Task: Only a single number is expected: how many lines of the data hold the word "oneH".

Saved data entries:
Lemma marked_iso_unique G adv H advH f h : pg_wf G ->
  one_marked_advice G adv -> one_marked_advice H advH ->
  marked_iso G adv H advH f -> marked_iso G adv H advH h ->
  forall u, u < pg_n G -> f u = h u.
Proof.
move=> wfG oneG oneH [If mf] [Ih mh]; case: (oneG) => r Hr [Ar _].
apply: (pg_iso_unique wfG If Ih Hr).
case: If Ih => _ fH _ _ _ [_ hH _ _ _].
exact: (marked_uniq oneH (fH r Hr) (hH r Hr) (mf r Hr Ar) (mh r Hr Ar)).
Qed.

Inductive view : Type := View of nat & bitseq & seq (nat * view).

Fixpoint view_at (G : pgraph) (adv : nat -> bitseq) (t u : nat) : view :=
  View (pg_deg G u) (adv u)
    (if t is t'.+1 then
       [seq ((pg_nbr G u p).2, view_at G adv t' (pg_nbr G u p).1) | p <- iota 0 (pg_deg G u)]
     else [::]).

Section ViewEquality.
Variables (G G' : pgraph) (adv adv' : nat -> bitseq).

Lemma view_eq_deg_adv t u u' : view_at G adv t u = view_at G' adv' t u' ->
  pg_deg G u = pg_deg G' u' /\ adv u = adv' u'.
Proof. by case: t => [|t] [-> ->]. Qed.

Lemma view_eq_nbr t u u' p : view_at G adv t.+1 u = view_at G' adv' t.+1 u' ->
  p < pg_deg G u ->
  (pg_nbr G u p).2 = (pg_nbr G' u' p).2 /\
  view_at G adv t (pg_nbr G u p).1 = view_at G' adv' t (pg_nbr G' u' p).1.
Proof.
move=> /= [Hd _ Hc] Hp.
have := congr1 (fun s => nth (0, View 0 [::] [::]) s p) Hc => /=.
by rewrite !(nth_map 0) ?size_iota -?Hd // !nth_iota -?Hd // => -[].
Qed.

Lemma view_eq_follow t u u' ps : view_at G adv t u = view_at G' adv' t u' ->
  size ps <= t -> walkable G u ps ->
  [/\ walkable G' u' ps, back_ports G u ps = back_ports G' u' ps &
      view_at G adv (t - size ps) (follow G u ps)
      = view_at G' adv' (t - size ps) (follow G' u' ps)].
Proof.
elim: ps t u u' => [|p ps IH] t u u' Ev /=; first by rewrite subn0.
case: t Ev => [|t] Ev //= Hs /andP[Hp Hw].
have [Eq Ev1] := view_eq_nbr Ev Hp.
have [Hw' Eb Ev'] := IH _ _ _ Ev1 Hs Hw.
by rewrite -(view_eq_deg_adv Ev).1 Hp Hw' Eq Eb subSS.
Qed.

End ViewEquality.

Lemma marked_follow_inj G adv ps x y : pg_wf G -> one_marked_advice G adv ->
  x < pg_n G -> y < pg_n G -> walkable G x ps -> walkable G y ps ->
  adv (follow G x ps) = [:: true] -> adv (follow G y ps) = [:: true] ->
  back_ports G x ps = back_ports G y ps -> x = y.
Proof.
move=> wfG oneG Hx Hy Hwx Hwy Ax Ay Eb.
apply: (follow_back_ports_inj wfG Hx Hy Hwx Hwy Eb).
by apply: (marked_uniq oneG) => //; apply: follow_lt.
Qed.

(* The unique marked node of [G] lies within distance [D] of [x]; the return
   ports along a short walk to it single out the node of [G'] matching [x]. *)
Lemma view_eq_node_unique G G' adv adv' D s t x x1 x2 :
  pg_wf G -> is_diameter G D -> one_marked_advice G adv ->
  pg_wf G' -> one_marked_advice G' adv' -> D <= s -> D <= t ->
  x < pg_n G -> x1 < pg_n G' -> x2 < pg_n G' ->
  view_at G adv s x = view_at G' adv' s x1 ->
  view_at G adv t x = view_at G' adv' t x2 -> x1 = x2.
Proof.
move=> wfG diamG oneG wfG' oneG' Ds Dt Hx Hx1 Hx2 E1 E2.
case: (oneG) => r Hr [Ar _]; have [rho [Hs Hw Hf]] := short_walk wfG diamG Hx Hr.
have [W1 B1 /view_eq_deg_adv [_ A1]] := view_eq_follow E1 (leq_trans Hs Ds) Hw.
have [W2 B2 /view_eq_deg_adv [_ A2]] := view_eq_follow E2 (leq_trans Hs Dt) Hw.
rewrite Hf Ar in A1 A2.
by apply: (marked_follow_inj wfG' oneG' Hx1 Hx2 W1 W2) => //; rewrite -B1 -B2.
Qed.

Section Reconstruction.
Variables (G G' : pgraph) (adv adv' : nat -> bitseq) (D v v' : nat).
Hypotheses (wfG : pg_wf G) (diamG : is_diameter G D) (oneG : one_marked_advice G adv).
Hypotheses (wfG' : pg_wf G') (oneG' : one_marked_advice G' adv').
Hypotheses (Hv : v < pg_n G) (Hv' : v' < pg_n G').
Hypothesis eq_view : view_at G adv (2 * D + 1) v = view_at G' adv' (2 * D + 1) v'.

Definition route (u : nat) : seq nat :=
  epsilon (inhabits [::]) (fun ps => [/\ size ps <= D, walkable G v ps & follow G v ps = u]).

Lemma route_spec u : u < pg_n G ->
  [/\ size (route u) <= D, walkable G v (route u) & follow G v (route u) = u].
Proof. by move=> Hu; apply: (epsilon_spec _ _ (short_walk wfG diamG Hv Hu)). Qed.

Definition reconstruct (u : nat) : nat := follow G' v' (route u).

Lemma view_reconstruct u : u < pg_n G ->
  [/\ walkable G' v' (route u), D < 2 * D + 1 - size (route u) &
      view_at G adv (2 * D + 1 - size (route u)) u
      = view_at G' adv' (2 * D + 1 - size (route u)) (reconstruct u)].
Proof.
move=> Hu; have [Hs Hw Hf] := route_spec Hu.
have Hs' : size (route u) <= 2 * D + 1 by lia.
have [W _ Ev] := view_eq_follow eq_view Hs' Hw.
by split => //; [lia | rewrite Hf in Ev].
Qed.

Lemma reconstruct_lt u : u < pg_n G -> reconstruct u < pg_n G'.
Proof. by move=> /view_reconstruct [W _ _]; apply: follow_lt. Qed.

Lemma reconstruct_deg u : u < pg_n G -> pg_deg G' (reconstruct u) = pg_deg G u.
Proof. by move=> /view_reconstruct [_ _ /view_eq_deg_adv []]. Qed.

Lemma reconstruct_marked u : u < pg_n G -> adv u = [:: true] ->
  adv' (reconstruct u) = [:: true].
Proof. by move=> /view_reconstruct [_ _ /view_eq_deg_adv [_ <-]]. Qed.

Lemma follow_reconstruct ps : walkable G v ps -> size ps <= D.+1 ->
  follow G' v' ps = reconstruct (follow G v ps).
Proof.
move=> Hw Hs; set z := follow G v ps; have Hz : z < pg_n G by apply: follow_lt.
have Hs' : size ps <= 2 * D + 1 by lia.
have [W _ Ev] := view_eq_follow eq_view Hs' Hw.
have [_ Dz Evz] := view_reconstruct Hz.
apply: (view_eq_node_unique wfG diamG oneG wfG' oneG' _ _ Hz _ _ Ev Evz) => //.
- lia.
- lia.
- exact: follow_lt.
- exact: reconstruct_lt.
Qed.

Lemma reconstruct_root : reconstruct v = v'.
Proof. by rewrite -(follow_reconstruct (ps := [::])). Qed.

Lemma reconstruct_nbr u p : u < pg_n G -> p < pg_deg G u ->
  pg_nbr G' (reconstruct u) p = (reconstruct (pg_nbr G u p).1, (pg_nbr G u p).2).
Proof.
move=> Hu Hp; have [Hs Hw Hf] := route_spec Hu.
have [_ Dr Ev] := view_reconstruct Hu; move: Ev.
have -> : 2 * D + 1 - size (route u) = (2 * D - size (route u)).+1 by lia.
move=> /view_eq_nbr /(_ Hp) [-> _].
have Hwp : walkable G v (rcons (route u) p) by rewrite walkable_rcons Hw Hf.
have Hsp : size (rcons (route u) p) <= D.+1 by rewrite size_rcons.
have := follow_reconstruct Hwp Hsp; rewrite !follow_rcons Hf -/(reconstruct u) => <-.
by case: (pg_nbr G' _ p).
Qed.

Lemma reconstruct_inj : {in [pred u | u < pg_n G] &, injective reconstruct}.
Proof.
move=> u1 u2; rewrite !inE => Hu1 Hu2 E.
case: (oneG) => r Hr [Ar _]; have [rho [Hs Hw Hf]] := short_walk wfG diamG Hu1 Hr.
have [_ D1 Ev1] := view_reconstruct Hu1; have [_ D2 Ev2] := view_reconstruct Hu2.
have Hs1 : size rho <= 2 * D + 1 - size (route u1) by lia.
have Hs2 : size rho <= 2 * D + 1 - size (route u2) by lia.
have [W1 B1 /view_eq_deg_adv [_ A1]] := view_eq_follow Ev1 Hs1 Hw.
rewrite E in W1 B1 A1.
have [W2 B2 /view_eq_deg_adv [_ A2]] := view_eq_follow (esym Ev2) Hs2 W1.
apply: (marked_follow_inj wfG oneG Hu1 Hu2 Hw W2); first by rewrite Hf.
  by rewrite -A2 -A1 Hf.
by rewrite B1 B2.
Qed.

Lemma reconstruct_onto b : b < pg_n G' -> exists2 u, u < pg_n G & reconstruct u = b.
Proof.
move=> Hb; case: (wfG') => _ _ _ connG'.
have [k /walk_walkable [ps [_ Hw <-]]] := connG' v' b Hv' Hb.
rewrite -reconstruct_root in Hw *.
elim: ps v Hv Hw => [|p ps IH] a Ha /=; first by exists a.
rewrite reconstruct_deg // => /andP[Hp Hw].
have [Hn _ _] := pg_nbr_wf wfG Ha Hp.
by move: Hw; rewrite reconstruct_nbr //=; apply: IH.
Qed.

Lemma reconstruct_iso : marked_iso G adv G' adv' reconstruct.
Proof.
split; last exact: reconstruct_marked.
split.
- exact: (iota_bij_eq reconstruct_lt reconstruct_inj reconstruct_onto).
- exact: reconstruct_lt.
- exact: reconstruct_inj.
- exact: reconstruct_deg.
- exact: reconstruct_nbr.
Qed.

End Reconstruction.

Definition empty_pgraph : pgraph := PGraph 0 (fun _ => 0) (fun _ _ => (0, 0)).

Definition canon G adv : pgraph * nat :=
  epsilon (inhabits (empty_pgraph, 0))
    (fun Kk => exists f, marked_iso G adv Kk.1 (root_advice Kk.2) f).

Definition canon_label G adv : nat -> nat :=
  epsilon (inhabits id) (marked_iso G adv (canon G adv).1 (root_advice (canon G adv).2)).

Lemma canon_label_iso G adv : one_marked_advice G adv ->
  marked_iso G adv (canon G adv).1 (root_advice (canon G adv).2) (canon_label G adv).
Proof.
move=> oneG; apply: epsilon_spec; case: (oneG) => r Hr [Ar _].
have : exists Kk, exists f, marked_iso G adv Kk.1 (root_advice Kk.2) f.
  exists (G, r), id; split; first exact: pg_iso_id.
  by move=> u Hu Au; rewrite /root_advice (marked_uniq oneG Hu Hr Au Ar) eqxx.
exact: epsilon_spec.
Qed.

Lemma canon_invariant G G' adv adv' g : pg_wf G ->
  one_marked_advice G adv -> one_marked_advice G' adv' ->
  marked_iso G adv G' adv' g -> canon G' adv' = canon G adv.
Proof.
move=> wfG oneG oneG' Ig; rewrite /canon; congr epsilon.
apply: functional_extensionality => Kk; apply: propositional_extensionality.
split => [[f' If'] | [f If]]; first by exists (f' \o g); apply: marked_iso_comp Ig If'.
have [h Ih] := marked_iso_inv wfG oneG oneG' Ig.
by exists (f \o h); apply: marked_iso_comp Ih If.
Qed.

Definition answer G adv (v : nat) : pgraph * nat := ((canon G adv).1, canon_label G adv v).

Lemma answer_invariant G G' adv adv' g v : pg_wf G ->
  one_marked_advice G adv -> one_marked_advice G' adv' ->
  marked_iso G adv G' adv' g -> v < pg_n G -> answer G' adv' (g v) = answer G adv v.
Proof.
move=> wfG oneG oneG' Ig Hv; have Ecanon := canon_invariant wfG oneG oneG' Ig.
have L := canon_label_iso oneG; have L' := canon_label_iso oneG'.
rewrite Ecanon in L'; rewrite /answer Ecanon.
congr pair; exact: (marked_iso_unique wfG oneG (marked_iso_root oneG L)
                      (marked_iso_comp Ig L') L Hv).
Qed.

Written solution: 2